When the going gets tough, I don’t feel much like writing this blog. That’s apparent when I see the gaps, the breaks in the rhythm of hitting the ‘publish’ button that I aspire to. But if the first two years after Mark died were all to do with getting through the searing pain of grief, this year has involved struggles of a different kind. Healing and mending, recovering from the ravages of grief has been a big part of this time, but something else has been going on that I’m just beginning to grasp.
It’s to do with the importance of the struggle itself. Over these past years I’ve developed a new respect for my own capacity to get through situations, and it seems to have settled in me the understanding that life does require struggle. Something my dear friend Alice helped instil in me early on is that I’m not the first woman to suffer. I don’t want to generalise away all the different degrees and complexities of difficulty that women have to face, but I am grateful to her for helping me appreciate that it’s in the course of the struggle itself, the actions we choose, the work we do to confront the situation and the feelings we hit up against, that we are changed.
In realising just how important my choices and actions are, I’ve had to face up to a lot of dark of despair and hopelessness in me. I’m not entirely sure where it’s from, but it seems to have its roots in the voice of my Grandfather, in the days of his Brylcreem and wet shaves, of hard working lives.
I don’t remember being hope was futile and a sure route to disappointment, but somehow there was exposure to enough cold blasts of reality to instil in me that being strong was getting through, that any dreaminess about things getting better was suspect. Maybe I owe some of my capacity to stare (almost) unflinchingly at pain to the way that hard looks at reality were encouraged, but when it comes to hope that things could improve, there wasn’t much tucked away to draw upon.

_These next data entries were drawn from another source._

(* A fire that spreads at every turn has burnt [M] distinct vertices after
   [M] turns, so it cannot stay inside a finite ball. *)
Lemma p1_wins_of_bounded_fire (R : Z) :
  (forall t x, burning s v f t x -> dist x v < R) -> p1_wins s v f.
Proof.
  intros Hbounded; apply NNPP; intros Hlose.
  assert (Hspread : forall i, (1 <= i)%nat ->
            exists x, burning s v f i x /\ ~ burning s v f (i - 1) x).
  { intros i Hi; apply NNPP; intros Hstop; apply Hlose; exists i; split; [auto|].
    intros x Hx; apply NNPP; intros Hnx; apply Hstop; eauto. }
  destruct (distinct_burning_of_spreading Hspread (S (length (ball v R))))
    as (l & Hlen & Hnd & Hl).
  assert (Hincl : incl l (ball v R)).
  { intros x Hx; apply in_ball; specialize (Hbounded _ _ (Hl x Hx)); lia. }
  pose proof (NoDup_incl_length Hnd Hincl); lia.
Qed.

End Game.

Definition rot (d : vertex) : vertex := (snd d, - fst d).

(* For [0 <= a < r], the points [(a, r - a)] form the quarter of the sphere of
   radius [r] with [x >= 0, y > 0]; [c] quarter turns give the other quarters. *)
Definition sphere_point (r a : Z) (c : nat) : vertex := Nat.iter c rot (a, r - a).

Lemma norm1_rot d : norm1 (rot d) = norm1 d.
Proof. unfold norm1, rot; simpl; lia. Qed.

Lemma norm1_sphere_point r a c : 0 <= a <= r -> norm1 (sphere_point r a c) = r.
Proof.
  intros Ha; unfold sphere_point; induction c as [|c IH]; simpl.
  - unfold norm1; simpl; lia.
  - rewrite norm1_rot; exact IH.
Qed.

Lemma sphere_point_inj r a c r' a' c' :
  0 <= a < r -> 0 <= a' < r' -> (c < 4)%nat -> (c' < 4)%nat ->
  sphere_point r a c = sphere_point r' a' c' -> r = r' /\ a = a' /\ c = c'.
Proof.
  intros Ha Ha' Hc Hc'.
  destruct c as [|[|[|[|c]]]]; try lia; destruct c' as [|[|[|[|c']]]]; try lia;
    unfold sphere_point; simpl; intros E; injection E; lia.
Qed.
(* Let $G$ be a graph on $n$ vertices and let $k$ be an integer with $2\leq k\leq n$. If $\psi_k(G)=n-k+1$, then $G$ is connected.
   Context: All graphs are finite, simple and nonempty. For a graph $G$ and a positive integer $k$, a $k$-path vertex cover ($k$-PVC) of $G$ is a set $S$ of vertices such that every path on $k$ vertices in $G$ contains at least one vertex of $S$ (if $G$ has no path on $k$ vertices, the empty set is a $k$-PVC). $\psi_k(G)$ denotes the minimum cardinality of a $k$-PVC of $G$. *)

From mathcomp Require Import all_boot.
Set Implicit Arguments. Unset Strict Implicit. Unset Printing Implicit Defensive.

Definition simple_graph (T : finType) (e : rel T) : Prop :=
  symmetric e /\ irreflexive e.

Definition is_kpath (T : finType) (e : rel T) (k : nat) (p : k.-tuple T) : bool :=
  uniq p && sorted e p.

Definition is_kPVC (T : finType) (e : rel T) (k : nat) (S : {set T}) : bool :=
  [forall p : k.-tuple T, is_kpath e p ==> [exists v in S, v \in p]].

(* psi_k(G): minimum cardinality of a k-PVC (setT is always one for k >= 1;
   the default #|T| is only the neutral element of minn). *)
Definition psi (T : finType) (e : rel T) (k : nat) : nat :=
  \big[minn/#|T|]_(S : {set T} | is_kPVC e k S) #|S|.

Definition connected_graph (T : finType) (e : rel T) : Prop :=
  forall x y : T, connect e x y.

(* If two vertices x, y lie in different components, extend {x, y} to a set W
   of exactly k vertices.  A k-path avoiding ~: W would have W as its vertex
   set, hence would join x to y; so ~: W is a k-PVC of size n - k. *)

From HB Require Import structures.
From mathcomp Require Import all_boot.

HB.instance Definition _ := SemiGroup.isComLaw.Build nat minn minnA minnC.

Lemma psi_le_kPVC {T : finType} {e : rel T} {k : nat} {S : {set T}} :
  is_kPVC e k S -> psi e k <= #|S|.
Proof. by move=> coverS; rewrite /psi (bigD1 S) //= geq_minl. Qed.

Lemma exists_superset_card {T : finType} (A : {set T}) (m : nat) :
  #|A| <= m <= #|T| -> exists2 B : {set T}, A \subset B & #|B| = m.
Proof.
elim: m => [|m IHm] /andP [Am mT].
  by exists A; last by apply/eqP; rewrite -leqn0.
have [cardA|Alt] := eqVneq #|A| m.+1; first by exists A.
have [B AB Bm] : exists2 B : {set T}, A \subset B & #|B| = m.
  by apply: IHm; rewrite -ltnS ltn_neqAle Alt Am ltnW.
have [z] : exists z, z \in ~: B.
  by apply/set0Pn; rewrite -card_gt0 cardsCs setCK Bm subn_gt0.
rewrite inE => zB; exists (z |: B); first exact: subset_trans AB (subsetUr _ _).
by rewrite cardsU1 zB Bm.
Qed.

Lemma sorted_connect {T : finType} {e : rel T} {s : seq T} {x y : T} :
  symmetric e -> sorted e s -> x \in s -> y \in s -> connect e x y.
Proof.
move=> /sym_connect_sym connect_symmetric; case: s => [//|h t] /= ht xs ys.
have connect_h := path_connect ht.
by apply: (connect_trans (y := h)); [rewrite connect_symmetric|]; apply: connect_h.
Qed.

Lemma kpath_vertices_eq {T : finType} {e : rel T} {k : nat} {p : k.-tuple T}
    {W : {set T}} :
  is_kpath e p -> #|W| = k -> {subset p <= W} -> W = [set v in p].
Proof.
move=> /andP [uniq_p _] cardW pW; apply/esym/eqP.
rewrite eqEcard cardW -[X in X <= _](size_tuple p) -(card_uniqP uniq_p).
rewrite (eq_card (in_set (mem p))) leqnn andbT.
by apply/subsetP=> v; rewrite inE; apply: pW.
Qed.

Lemma setC_kPVC_of_disconnected {T : finType} {e : rel T} {k : nat}
    {W : {set T}} {x y : T} :
  symmetric e -> #|W| = k -> x \in W -> y \in W -> ~~ connect e x y ->
  is_kPVC e k (~: W).
Proof.
move=> sym_e cardW xW yW nxy; apply/forallP=> p; apply/implyP=> pathp.
apply: contraT; rewrite negb_exists => /forallP avoid.
have pW : {subset p <= W}.
  by move=> v vp; have := avoid v; rewrite inE vp andbT negbK.
have EW := kpath_vertices_eq pathp cardW pW.
move: xW yW; rewrite EW !inE => xp yp.
by rewrite (sorted_connect sym_e (andP pathp).2 xp yp) in nxy.
Qed.

Theorem mainTheorem9 (T : finType) (e : rel T) (k : nat) :
  simple_graph e -> 0 < #|T| -> 2 <= k <= #|T| ->
  psi e k = #|T| - k + 1 ->
  connected_graph e.
Proof.
move=> [sym_e _] _ /andP [k_ge2 k_leT] psi_eq x y.
have [-> |neq_xy] := eqVneq x y; first exact: connect0.
apply/negPn/negP=> nxy.
have [W xyW cardW] : exists2 W : {set T}, [set x; y] \subset W & #|W| = k.
  by apply: exists_superset_card; rewrite cards2 neq_xy k_ge2.
have xW : x \in W by apply: (subsetP xyW); rewrite !inE eqxx.
have yW : y \in W by apply: (subsetP xyW); rewrite !inE eqxx orbT.
have := psi_le_kPVC (setC_kPVC_of_disconnected sym_e cardW xW yW nxy).
by rewrite psi_eq cardsCs setCK cardW addn1 ltnn.
Qed.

There was undoubtedly an underlying hope in life that kept me moving following the devastating loss of Mark. But the struggle to remake a life takes me again and again to the place where I can feel weighed down by hopelessness that there is anything more than survival and getting through the days.
But it’s impossible to ignore that part of me that dreams of more, or the strengthening conviction in my gut that my actions are more than futile gestures against the onslaught of misery. Outwardly, not much has changed in my life – the past year, as I’ve said, has been the most solitary of my life. I have little evidence that there’s anything good up ahead, but what I learnt over recent months is that it’s up to me to wrest what good I can out of the days. Before I think I was easily discouraged if things I tried didn’t work out, but now, although there are still a lot of things in life I find difficult, I feel a new sense of energy firing up in me, and a determination that something new can take shape.